First, if the annuity has been annuitized over a period longer than the individual's actuarial life expectancy, there might be a period of ineligibility for governmental assistance.

Second, it may be difficult to gain access to the entire balance of the annuity for planning techniques.

Titling of Bank Accounts

It is not uncommon for an individual to transfer a bank account to a spouse or add a child's name to an account with the expectation that the funds will become protected. However, when an individual applies for Medicaid, the assets of both the individual and the spouse, if any, are considered. Likewise, all accounts in the individual's nameeven if in a joint account with a childare considered.

Paying Cash for Caregivers and Other Expenses

Many individuals engage the assistance of in-home caregivers prior to entering a facility for long-term care. Many caregivers want to be paid in cash. When cash has been withdrawn from accounts or when checks are written to "cash" in order to pay caregivers, there are no records to document how the funds were used.
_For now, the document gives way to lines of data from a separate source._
(* Let $G$ be a $2K_2$-free graph, let $a,b$ be adjacent vertices of $G$, and let $X$ be a minimal dominating set of $G$ with $a,b\in X$ and $|X|>\alpha(G)$. Let $A$ be the set of vertices not in $\{a,b\}$ adjacent to neither $a$ nor $b$, let $N$ be the set of vertices not in $\{a,b\}$ adjacent to at least one of $a,b$, let $Y=X\cap N$, and let $Z$ be the set of vertices of $A$ having at least one neighbour in $Y$. Suppose $|Y|>1$. If $a^*\notin X$ is a private neighbour of $a$ and $b^*\notin X$ is a private neighbour of $b$ (with respect to $X$), then neither $a^*$ nor $b^*$ has a neighbour in $Z$.
   Context: All graphs are finite, simple and undirected. $2K_2$-free means no induced subgraph isomorphic to the disjoint union of two edges. $\alpha(G)$ is the maximum size of an independent set of $G$. A dominating set is a vertex set $D$ such that every vertex outside $D$ has a neighbour in $D$; it is minimal if no proper subset is dominating. Given a dominating set $D$ and $x\in D$, a vertex $y\notin D$ is a private neighbour of $x$ if $x$ is the only neighbour of $y$ in $D$. *)

From mathcomp Require Import all_boot.
Set Implicit Arguments. Unset Strict Implicit. Unset Printing Implicit Defensive.

Definition simple_graph (T : finType) (e : rel T) : Prop :=
  symmetric e /\ irreflexive e.

Definition twoK2_free (T : finType) (e : rel T) : Prop :=
  forall x1 y1 x2 y2 : T,
    e x1 y1 -> e x2 y2 -> uniq [:: x1; y1; x2; y2] ->
    [|| e x1 x2, e x1 y2, e y1 x2 | e y1 y2].

Definition independent (T : finType) (e : rel T) (S : {set T}) : bool :=
  [forall x in S, forall y in S, ~~ e x y].

Definition alpha (T : finType) (e : rel T) : nat :=
  \max_(S : {set T} | independent e S) #|S|.

Definition dominating (T : finType) (e : rel T) (D : {set T}) : bool :=
  [forall y, (y \notin D) ==> [exists x in D, e x y]].

Definition minimal_dominating (T : finType) (e : rel T) (D : {set T}) : bool :=
  dominating e D && [forall D' : {set T}, (D' \proper D) ==> ~~ dominating e D'].

Definition private_nb (T : finType) (e : rel T) (D : {set T}) (x y : T) : bool :=
  (y \notin D) && e x y && [forall z in D, e z y ==> (z == x)].

(** A vertex [z] of [A] outside [X] must be the private neighbour of some
    [y0] in [X]: otherwise sending [a] to itself, [b] to [z], each vertex
    of [X] in [A] to itself and each vertex of [Y] to one of its private
    neighbours in [A] maps [X] injectively into [{a} u A], which is
    independent by 2K2-freeness across the edge [ab]; so [|X| <= alpha].
    If now [a* z] were an edge (so [z] is outside [X]), take [y] in [Y]
    other than [y0] and its private neighbour [v] in [A]. Four applications
    of 2K2-freeness give in turn [a y], [a* v], a non-edge [b y0] and an
    edge [z b*], and then the edges [a y] and [b* z] form an induced 2K2.
    Hence [Y = {y0}], contradicting [|Y| > 1]. *)
From mathcomp Require Import all_boot.
Set Implicit Arguments. Unset Strict Implicit. Unset Printing Implicit Defensive.

Lemma private_nbP (T : finType) (e : rel T) (X : {set T}) x v :
  reflect [/\ v \notin X, e x v & {in X, forall w, e w v -> w = x}]
          (private_nb e X x v).
Proof.
apply: (iffP andP) => [[/andP[vX exv] /forall_inP owner]|[vX exv owner]].
  by split=> // w wX ewv; apply/eqP/(implyP (owner w wX)).
rewrite vX exv; split=> //.
by apply/forall_inP => w wX; apply/implyP => /(owner w wX)->.
Qed.

Lemma private_nb_nonadj (T : finType) (e : rel T) (X : {set T}) x v w :
  private_nb e X x v -> w \in X -> w != x -> ~~ e w v.
Proof. by case/private_nbP=> _ _ owner wX; apply: contra => /(owner w wX)->. Qed.

Lemma independent_card_le_alpha (T : finType) (e : rel T) (S : {set T}) :
  independent e S -> #|S| <= alpha e.
Proof. exact: (leq_bigmax_cond (P := independent e)). Qed.

Section TwoK2Free.

Variables (T : finType) (e : rel T).
Hypotheses (e_sym : symmetric e) (e_irr : irreflexive e) (e_2K2 : twoK2_free e).

(* The distinctness of the four vertices follows from the non-edges. *)
Lemma no_induced_2K2 x1 y1 x2 y2 : e x1 y1 -> e x2 y2 ->
  ~~ e x1 x2 -> ~~ e x1 y2 -> ~~ e y1 x2 -> ~~ e y1 y2 -> False.
Proof.
move=> e1 e2 n11 n12 n21 n22.
have neq_edge x y : e x y -> x != y by apply: contraTneq => ->; rewrite e_irr.
have x1x2 : x1 != x2 by apply: contraNneq n12 => ->.
have x1y2 : x1 != y2 by apply: contraNneq n22 => <-; rewrite e_sym.
have y1x2 : y1 != x2 by apply: contraNneq n11 => <-.
have y1y2 : y1 != y2 by apply: contraNneq n12 => <-.
have U : uniq [:: x1; y1; x2; y2].
  by rewrite /= !inE !negb_or neq_edge // x1x2 x1y2 y1x2 y1y2 neq_edge.
by have := e_2K2 e1 e2 U; rewrite (negbTE n11) (negbTE n12) (negbTE n21) (negbTE n22).
Qed.

Variables (a b : T).
Hypothesis e_ab : e a b.

Lemma neq_ab : a != b.
Proof. by apply: contraTneq e_ab => ->; rewrite e_irr. Qed.

Definition far v := (v != a) && (v != b) && ~~ e a v && ~~ e b v.
Definition near v := (v != a) && (v != b) && (e a v || e b v).

Lemma far_nonadj u v : far u -> far v -> ~~ e u v.
Proof.
case/andP=> /andP[_ nau] nbu /andP[/andP[_ nav] nbv].
by apply/negP => euv; apply: (no_induced_2K2 e_ab euv).
Qed.

Lemma independent_a_far : independent e [set v | (v == a) || far v].
Proof.
apply/forall_inP => u; rewrite inE => /orP[/eqP-> | faru];
  apply/forall_inP => v; rewrite inE => /orP[/eqP-> | farv].
- by rewrite e_irr.
- by case/andP: farv => /andP[].
- by rewrite e_sym; case/andP: faru => /andP[].
- exact: far_nonadj.
Qed.

Variable X : {set T}.
Hypotheses (X_min : minimal_dominating e X) (aX : a \in X) (bX : b \in X).

Lemma near_private_far x : x \in X -> near x ->
  exists v, private_nb e X x v && far v.
Proof.
case/andP: X_min => /forallP X_dom /forallP X_minimal xX /andP[/andP[xa xb] adjx].
have := X_minimal (X :\ x); rewrite properD1 //= => /forallPn[v].
rewrite negb_imply in_setD1 negb_and negbK => /andP[vXx /exists_inPn undominated].
have nonadj w : w \in X -> w != x -> ~~ e w v.
  by move=> wX wx; apply: undominated; rewrite in_setD1 wx.
have vx : v != x.
  by apply: contraTneq adjx => <-; rewrite negb_or !nonadj // eq_sym.
have vX : v \notin X by rewrite (negbTE vx) in vXx.
have /exists_inP[w wX ewv] := implyP (X_dom v) vX.
have exv : e x v.
  by have /eqP<- : w == x := contraTT (nonadj w wX) ewv.
exists v; apply/andP; split.
  apply/private_nbP; split=> //.
  by move=> u uX euv; apply/eqP; exact: contraTT (nonadj u uX) euv.
have va : v != a by apply: contraNneq vX => ->.
have vb : v != b by apply: contraNneq vX => ->.
by rewrite /far va vb !nonadj // eq_sym.
Qed.

Lemma far_owner z : alpha e < #|X| -> far z -> z \notin X ->
  exists2 y, y \in X & private_nb e X y z.
Proof.
move=> alphaX farz zX; apply/exists_inP; apply: contraLR alphaX => /exists_inPn unowned.
rewrite -leqNgt.
pose I := [set v | (v == a) || far v].
pose h x := if x == b then z else odflt x [pick v | private_nb e X x v && far v].
pose g v := if v == z then b else if v \in X then v else odflt v [pick w in X | e w v].
have hP x : x \in X -> h x \in I /\ g (h x) = x.
  move=> xX; rewrite /h; case: eqP => [->|/eqP xb].
    by rewrite inE farz orbT /g eqxx.
  case: pickP => [v /andP[pv farv]|none] /=.
    have /private_nbP[vX exv owner] := pv.
    have vz : v != z by apply: contraNneq (unowned x xX) => <-.
    split; first by rewrite inE farv orbT.
    rewrite /g (negbTE vz) (negbTE vX).
    by case: pickP => [w /andP[wX /(owner w wX)] //|/(_ x)]; rewrite xX exv.
  have xz : x != z by apply: contraNneq zX => <-.
  split; last by rewrite /g (negbTE xz) xX.
  rewrite inE; case: (eqVneq x a) => //= xa.
  case: (boolP (e a x || e b x)) => adjx.
    have nearx : near x by rewrite /near xa xb adjx.
    by have [v] := near_private_far xX nearx; rewrite none.
  by move: adjx; rewrite negb_or /far xa xb.
have h_inj : {in X &, injective h}.
  by move=> x1 x2 /hP[_ g1] /hP[_ g2] h12; rewrite -g1 h12 g2.
rewrite -(card_in_imset h_inj).
apply: leq_trans (independent_card_le_alpha independent_a_far).
by apply/subset_leq_card/subsetP => _ /imsetP[x /hP[hI _] ->].
Qed.

Lemma far_edge_nonadj_b astar w y : private_nb e X a astar -> far w -> e astar w ->
  y \in X -> y != a -> ~~ e y w -> ~~ e b y.
Proof.
move=> pa farw eaw yX ya nyw; apply/negP => eby.
apply: (no_induced_2K2 eby eaw) nyw.
- by apply: private_nb_nonadj pa bX _; rewrite eq_sym neq_ab.
- by case/andP: farw.
- exact: private_nb_nonadj pa yX ya.
Qed.

Lemma near_eq_owner astar bstar z y0 y :
  private_nb e X a astar -> private_nb e X b bstar -> far z -> e astar z ->
  y0 \in X -> private_nb e X y0 z -> y \in X -> near y -> y = y0.
Proof.
move=> pa pb farz eaz y0X pz yX neary; case: (eqVneq y y0) => // yy0; exfalso.
have /private_nbP[_ ey0z owner] := pz.
have /andP[/andP[/andP[_ _] naz] nbz] := farz.
have /andP[/andP[ya yb] adjy] := neary.
have y0a : y0 != a by apply: contraTneq ey0z => ->.
have y0b : y0 != b by apply: contraTneq ey0z => ->.
have nyz : ~~ e y z by apply: contra yy0 => /(owner y yX)->.
have nby : ~~ e b y := far_edge_nonadj_b pa farz eaz yX ya nyz.
have eay : e a y by rewrite (negbTE nby) orbF in adjy.
have [v /andP[pv farv]] := near_private_far yX neary.
have /private_nbP[_ eyv _] := pv.
have eav : e astar v.
  apply/negPn/negP => nav; apply: (no_induced_2K2 eaz eyv _ nav).
  - by rewrite e_sym (private_nb_nonadj pa yX ya).
  - by rewrite e_sym.
  - exact: far_nonadj.
have nby0 : ~~ e b y0.
  apply: (far_edge_nonadj_b pa farv eav y0X y0a).
  by apply: private_nb_nonadj pv y0X _; rewrite eq_sym.
have /private_nbP[_ ebb _] := pb.
have ezb : e z bstar.
  apply/negPn/negP => nzb; apply: (no_induced_2K2 ey0z ebb _ _ _ nzb).
  - by rewrite e_sym.
  - exact: private_nb_nonadj pb y0X y0b.
  - by rewrite e_sym.
apply: (no_induced_2K2 eay ezb naz _ nyz).
- exact: private_nb_nonadj pb aX neq_ab.
- exact: private_nb_nonadj pb yX yb.
Qed.

Lemma private_far_nonadj astar bstar z y1 y2 : alpha e < #|X| ->
  private_nb e X a astar -> private_nb e X b bstar -> far z ->
  y1 \in X -> near y1 -> y2 \in X -> near y2 -> y1 != y2 -> ~~ e astar z.
Proof.
move=> alphaX pa pb farz y1X near1 y2X near2; apply: contra => eaz.
have zX : z \notin X.
  have /private_nbP[_ _ owner] := pa.
  have /andP[/andP[/andP[za _] _] _] := farz.
  by apply: contra za => zX; rewrite (owner z zX) ?eqxx // e_sym.
have [y0 y0X pz] := far_owner alphaX farz zX.
rewrite (near_eq_owner pa pb farz eaz y0X pz y1X) //.
by rewrite (near_eq_owner pa pb farz eaz y0X pz y2X).
Qed.

End TwoK2Free.

Lemma farC (T : finType) (e : rel T) a b : far e a b =1 far e b a.
Proof. by move=> v; rewrite /far (andbC (v != a)) -!andbA (andbC (~~ e a v)). Qed.

Lemma nearC (T : finType) (e : rel T) a b : near e a b =1 near e b a.
Proof. by move=> v; rewrite /near (andbC (v != a)) orbC. Qed.

Theorem claim5 (T : finType) (e : rel T) (a b : T) (X : {set T}) (astar bstar : T) :
  simple_graph e -> twoK2_free e -> e a b ->
  minimal_dominating e X -> a \in X -> b \in X -> alpha e < #|X| ->
  let A := [set v | (v != a) && (v != b) && ~~ e a v && ~~ e b v] in
  let N := [set v | (v != a) && (v != b) && (e a v || e b v)] in
  let Y := X :&: N in
  let Z := [set v in A | [exists y in Y, e v y]] in
  1 < #|Y| ->
  astar \notin X -> private_nb e X a astar ->
  bstar \notin X -> private_nb e X b bstar ->
  forall z, z \in Z -> ~~ e astar z /\ ~~ e bstar z.
Proof.
move=> [e_sym e_irr] e_2K2 e_ab X_min aX bX alphaX A N Y Z Y_gt1 _ pa _ pb z.
rewrite !inE => /andP[farz _].
have [y1 [y2 [y1Y y2Y y12]]] := card_gt1P Y_gt1.
move: y1Y y2Y; rewrite !inE => /andP[y1X near1] /andP[y2X near2].
have e_ba : e b a by rewrite e_sym.
split.
  exact: (private_far_nonadj e_sym e_irr e_2K2 e_ab X_min aX bX alphaX pa pb farz
          y1X near1 y2X near2 y12).
apply: (private_far_nonadj e_sym e_irr e_2K2 e_ba X_min bX aX alphaX pb pa _
        y1X _ y2X _ y12); by [rewrite farC | rewrite nearC].
Qed.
This will create a major problem if a Medicaid application is made. Specifically, during a review of a Medicaid application, all financial transactions for the prior five-year period are inspected. Any funds that are spent without proper documentation may result in a period of ineligibility. While this situation most commonly occurs with respect to caregivers, any cash transactions that cannot be documented with credible evidence will be treated in the same manner. This includes using cash for daily living needs.

Paying Family Members for Care

An individual may hire family members to assist with care. In some instances, a family member may quit his or her job in order to provide such care, so there is a need for such family member to be compensated. Any individual who hires a family member to perform care should enter into a properly-drafted Personal Needs Contract in order to document in writing the existence and precise terms of the financial arrangement. If there is no such written Personal Needs Contract, the payment for such care again may result in a period of ineligibility.
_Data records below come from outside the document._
Lemma sample_quantile_left_cont a v :
  sample_quantile b v @[b --> a^'-] --> sample_quantile a v.
Proof.
have grid : \forall b \near a^'-, forall j : 'I_n.+1,
    (b <= j%:R / n%:R) = (a <= j%:R / n%:R).
  by apply: filter_forall => j; exact: near_left_le.
by apply: cvg_near_cst; apply: filterS grid => b; exact: inf_sample_cdf_grid.
Qed.

Lemma sample_quantile_right_cvg a v : cvg (sample_quantile b v @[b --> a^'+]).
Proof.
have grid : \forall b \near a^'+, forall j : 'I_n.+1,
    (b <= j%:R / n%:R) = (a < j%:R / n%:R).
  by apply: filter_forall => j; exact: near_right_le.
apply: (@cvgP _ _ (inf [set x | a < sample_cdf v x])); apply: cvg_near_cst.
by apply: filterS grid => b; exact: inf_sample_cdf_grid.
Qed.

Lemma sample_quantile_near_cst a v : (forall j : 'I_n.+1, a != j%:R / n%:R) ->
  \forall b \near a, sample_quantile b v = sample_quantile a v.
Proof.
move=> a_off_grid; have grid : \forall b \near a, forall j : 'I_n.+1,
    (b <= j%:R / n%:R) = (a <= j%:R / n%:R).
  apply: (@filter_forall R 'I_n.+1 _ (nbhs a)) => j.
  exact: near_le (a_off_grid j).
by apply: filterS grid => b; exact: inf_sample_cdf_grid.
Qed.

Hypothesis n_gt0 : (0 < n)%N.

Lemma has_inf_sample_cdf_ge a v : 0 < a <= 1 ->
  has_inf [set x | a <= sample_cdf v x].
Proof.
move=> /andP[a_gt0 a_le1]; pose M := \sum_(i < n) `|v i|.
have vM i : `|v i| <= M by rewrite /M (bigD1 i)//= lerDl sumr_ge0.
split.
  exists M; rewrite /= /sample_cdf.
  under eq_bigr => i _ do rewrite (le_trans (ler_norm _) (vM i)).
  by rewrite sumr_const card_ord mulVf ?pnatr_eq0 -?lt0n.
exists (- M) => x /= ax; rewrite leNgt; apply/negP => xM.
suff cdf0 : sample_cdf v x = 0 by move: ax; rewrite cdf0; lra.
rewrite /sample_cdf big1 ?mulr0// => i _; rewrite leNgt (lt_le_trans xM)//.
by rewrite lerNl (le_trans _ (vM i))// -normrN ler_norm.
Qed.

Lemma sample_quantile_cvg a T (F : set_system T) {FF : Filter F}
  (vs : T -> 'I_n -> R) v : 0 < a <= 1 ->
  (forall i, vs^~ i @ F --> v i) ->
  sample_quantile a (vs s) @[s --> F] --> sample_quantile a v.
Proof.
move=> a01 vs_cvg; apply/cvgrPdist_le => e e_gt0.
have [_ v_lb] := has_inf_sample_cdf_ge v a01.
have e2_gt0 : 0 < e / 2 by rewrite divr_gt0.
have [x ax xq] := inf_adherent e2_gt0 (has_inf_sample_cdf_ge v a01).
have below : ~ a <= sample_cdf v (sample_quantile a v - e / 2).
  by move/(ge_inf v_lb); rewrite /sample_quantile; lra.
near=> s.
have close : forall i, `|v i - vs s i| < e / 2.
  by near: s; apply: filter_forall => i; exact: cvgr_dist_lt.
have [vs_neq0 vs_lb] := has_inf_sample_cdf_ge (vs s) a01.
rewrite ler_norml; apply/andP; split.
- suff : sample_quantile a (vs s) <= sample_quantile a v + e by lra.
  apply: (ge_inf vs_lb); apply: (le_trans ax); apply: sample_cdf_le => i vix.
  by move: (close i) xq; rewrite ltr_norml => /andP[]; lra.
- suff : sample_quantile a v - e <= sample_quantile a (vs s) by lra.
  apply: lb_le_inf vs_neq0 _ => y /= ay; rewrite leNgt; apply/negP => ylt.
  apply: below.
  apply: (le_trans ay); apply: sample_cdf_le => i viy.
  by move: (close i) ylt; rewrite ltr_norml => /andP[]; lra.
Unshelve. all: by end_near.
Qed.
Loans without Documentation

Similar to the discussion above with respect to paying family members for care, any funds loaned to another individual without a properly-drafted promissory note or other loan documentation may result in a period of ineligibility. It is important to document all loans even if the documentation occurs after the original transaction.

Failure to Seek Advice as Soon as Long-Term Care Becomes Imminent

There are many legal planning techniques that allow an individual's assets to be preserved for use by the individual's spouse and family members in order to enhance the level of long-term care for the individual. As soon as an individual learns that long-term care may be needed, advice should be sought immediately from competent Elder Law counsel. It is not uncommon for individuals to attempt to handle Medicaid applications without legal counsel. In some cases, by the time the Elder Law counsel is engaged, important deadlines have been missed and the options available are substantially limited.

Conclusion

Americans are living longer than ever imagined just a few decades ago. This is wonderful. But there is a dark side. The period between the end of productive employment and the onset of the need for intensive long-term care is also much longer, as is the time spent in long-term care prior to death. The need to plan for this sunset period of life is vastly more important than ever before, and so is the need for careful planning guided by experienced and competent advisors.